## [WHAT TO WORK ON]
Among the entries that follow, find every line with the word "Cplus" and list it.

Saved entries
■ ■ ■ ■ ■ ■ ■

Lemma lattice_w1_w2_indep : R_indep lattice_w1 lattice_w2.
Proof.
  intros r t h. pose proof sqrt_n_pos as hs. pose proof PI_RGT_0.
  assert (e : Cplus (Cmult (RtoC r) lattice_w1) (Cmult (RtoC t) lattice_w2)
              = Cmult u (r / (2 * s), 2 * PI * s * (th * r + t))).
  { unfold lattice_w1, lattice_w2, cis, RtoC, Cmult, Cplus; simpl. f_equal; unfold Rdiv; ring. }
  assert (e0 : RtoC 0 = Cmult u (0, 0)) by (unfold cis, RtoC, Cmult; simpl; f_equal; ring).
  rewrite e, e0 in h. apply cis_mul_inj in h. injection h as h1 h2.
  assert (r = 0).
  { apply (Rmult_eq_reg_r (/ (2 * s))); [lra|]. apply Rinv_neq_0_compat. lra. }
  subst r. split; [reflexivity|]. replace (th * 0 + t) with t in h2 by ring.
  apply (Rmult_eq_reg_l (2 * PI * s)); [rewrite Rmult_0_r; exact h2|nra].
Qed.

Lemma lattice_w1_mul_tau : 0 <= th < 1 -> Cmult lattice_w1 (tau th n) = lattice_w2.
Proof.
  intros hth. pose proof sqrt_n_pos as hs.
  unfold tau. rewrite frac_part_id by exact hth.
  set (D := Cplus (RtoC 1) (0, 4 * PI * th * INR n)).
  assert (hD : D <> RtoC 0) by (unfold D, RtoC, Cplus; simpl; intros e; injection e; lra).
  assert (e : Cmult (/ (2 * s), 2 * PI * th * s) (0, 4 * PI * INR n) = Cmult (0, 2 * PI * s) D).
  { assert (en : s * s = INR n) by (apply sqrt_sqrt, pos_INR).
    unfold D, RtoC, Cmult, Cplus; simpl. set (s0 := sqrt (INR n)) in *.
    rewrite <- en. f_equal; field; lra. }
  unfold lattice_w1, lattice_w2.
  transitivity (Cmult u (Cdiv (Cmult (/ (2 * s), 2 * PI * th * s) (0, 4 * PI * INR n)) D)).
  - field. exact hD.
  - rewrite e. field. exact hD.
Qed.

Lemma lattice_frame_affine : affine_lattice (lattice_set (phi th n) lattice_w1 lattice_w2).
Proof.
  exists (phi th n), lattice_w1, lattice_w2. split; [exact lattice_w1_w2_indep|tauto].
Qed.

Lemma lattice_frame_equiv_tau :
  0 <= th < 1 ->
  lattice_equiv (lattice_set (phi th n) lattice_w1 lattice_w2)
                (lattice_set (RtoC 0) (RtoC 1) (tau th n)).
Proof.
  intros hth. right. exists lattice_w1, (phi th n). split.
  { intros h. destruct (lattice_w1_w2_indep 1 0) as [h1 _]; [|lra].
    rewrite h. ring. }
  intros z. rewrite <- (lattice_w1_mul_tau hth). split.
  - intros [a [b ->]]. eexists. split; [exists a, b; reflexivity|]. ring.
  - intros [w [[a [b ->]] ->]]. exists a, b. ring.
Qed.

Lemma phi_image_close_to_lattice_frame eps Rad S :
  0 < Rad -> 2 * S <= s -> Rad + 3 * (2 * S)^2 / s <= S -> 3 * (2 * S)^2 / s < eps ->
  eps_close_in_ball eps Rad (phi th n) (phi_image th)
                    (lattice_set (phi th n) lattice_w1 lattice_w2).
Proof.
  intros hRad hsS hRS hE. pose proof sqrt_n_pos as hs.
  assert (hE0 : 0 <= 3 * (2 * S)^2 / s)
    by (apply Rmult_le_pos; [nra|apply Rlt_le, Rinv_0_lt_compat; lra]).
  assert (hRadS : Rad <= S) by lra.
  assert (hErr : 3 * (2 * Rad)^2 / s <= 3 * (2 * S)^2 / s).
  { apply Rmult_le_compat_r; [apply Rlt_le, Rinv_0_lt_compat; lra|].
    apply Rmult_le_compat_l; [lra|]. apply pow_incr. lra. }
  (* The larger radius S makes A' contain the partner of every lattice point within Rad. *)
  set (A' := fun a => phi_image th a /\ Cmod (Cminus a (phi th n)) <= S).
  set (psi := fun z => lattice_partner (phi_index z)).
  exists A', (fun b => exists a, A' a /\ psi a = b).
  split; [now intros a []|]. split.
  { intros b [a [_ <-]]. eexists _, _. reflexivity. }
  split; [intros a ha hd; split; [exact ha|lra]|]. split.
  { intros b [p [q ->]] hb. fold (lattice_point p q) in *.
    destruct (partner_near_lattice_point Rad p q hRad ltac:(lra) hb) as [j [hj hdist]].
    exists (phi th j). split.
    - split; [exists j; reflexivity|].
      replace (Cminus (phi th j) (phi th n))
        with (Cplus (Cminus (phi th j) (lattice_point p q)) (Cminus (lattice_point p q) (phi th n)))
        by ring.
      eapply Rle_trans; [apply Cmod_triangle|]. lra.
    - unfold psi. rewrite phi_index_phi. exact hj. }
  exists psi. split; [intros a ha; exists a; split; [exact ha|reflexivity]|]. split.
  { intros a1 a2 [h1 _] [h2 _] e.
    rewrite (phi_image_index th a1 h1), (phi_image_index th a2 h2).
    f_equal. apply lattice_partner_inj. exact e. }
  split; [intros b hb; exact hb|].
  intros a [ha hd]. rewrite (phi_image_index th a ha) in hd |- *.
  unfold psi. rewrite phi_index_phi.
  pose proof (phi_near_partner S _ ltac:(lra) hsS hd). lra.
Qed.

End Lattice_frame.
(* For $i=1,2$, let $G_i$ be an $m_i$-$\gamma_t$-critical graph of order $\Delta(G_i)+m_i$ with $\delta(G_i)\ge 2$, and let $v_i\in V(G_i)$ be a vertex of maximum degree $\Delta(G_i)$. Suppose that for each $i$, every connected component of the induced subgraph $G_i[V(G_i)\setminus N[v_i]]$ is isomorphic to the path $P_2$. Then the vertex amalgamation $G$ of $G_1$ and $G_2$ at $v_1$ and $v_2$ is an $(m_1+m_2-1)$-$\gamma_t$-critical graph of order $\Delta(G)+m_1+m_2-1$, where $\Delta(G)=\Delta(G_1)+\Delta(G_2)$.
   Context: All graphs are finite and simple. $N(x)$ is the neighborhood of $x$, $N[x]=N(x)\cup\{x\}$, $G[X]$ the subgraph induced by $X$, $P_k$ the path on $k$ vertices. A set $S\subseteq V(G)$ is a total dominating set if every vertex of $G$ is adjacent to some vertex of $S$; $\gamma_t(G)$ is the minimum size of such a set. A leaf is a vertex of degree one. A graph $G$ with no isolated vertex is $\gamma_t$-critical if for every vertex $v$ not adjacent to a leaf, $\gamma_t(G-v)<\gamma_t(G)$; it is $m$-$\gamma_t$-critical if moreover $\gamma_t(G)=m$. The vertex amalgamation of $G_1$ and $G_2$ at $v_1\in V(G_1)$, $v_2\in V(G_2)$ is the graph with vertex set $(V(G_1)\setminus\{v_1\})\cup(V(G_2)\setminus\{v_2\})\cup\{v\}$ ($v$ a new vertex, the vertex sets of $G_1,G_2$ disjoint) and edge set $E(G_1-v_1)\cup E(G_2-v_2)\cup\{vu: v_1u\in E(G_1)\}\cup\{vw: v_2w\in E(G_2)\}$. *)

From HB Require Import structures.
From mathcomp Require Import all_boot.
Set Implicit Arguments. Unset Strict Implicit. Unset Printing Implicit Defensive.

■ ■ ■ ■ ■ ■ ■

## [WORKED SOLUTION]
  assert (e : Cplus (Cmult (RtoC r) lattice_w1) (Cmult (RtoC t) lattice_w2)
  { unfold lattice_w1, lattice_w2, cis, RtoC, Cmult, Cplus; simpl. f_equal; unfold Rdiv; ring. }
  set (D := Cplus (RtoC 1) (0, 4 * PI * th * INR n)).
  assert (hD : D <> RtoC 0) by (unfold D, RtoC, Cplus; simpl; intros e; injection e; lra).
    unfold D, RtoC, Cmult, Cplus; simpl. set (s0 := sqrt (INR n)) in *.
        with (Cplus (Cminus (phi th j) (lattice_point p q)) (Cminus (lattice_point p q) (phi th n)))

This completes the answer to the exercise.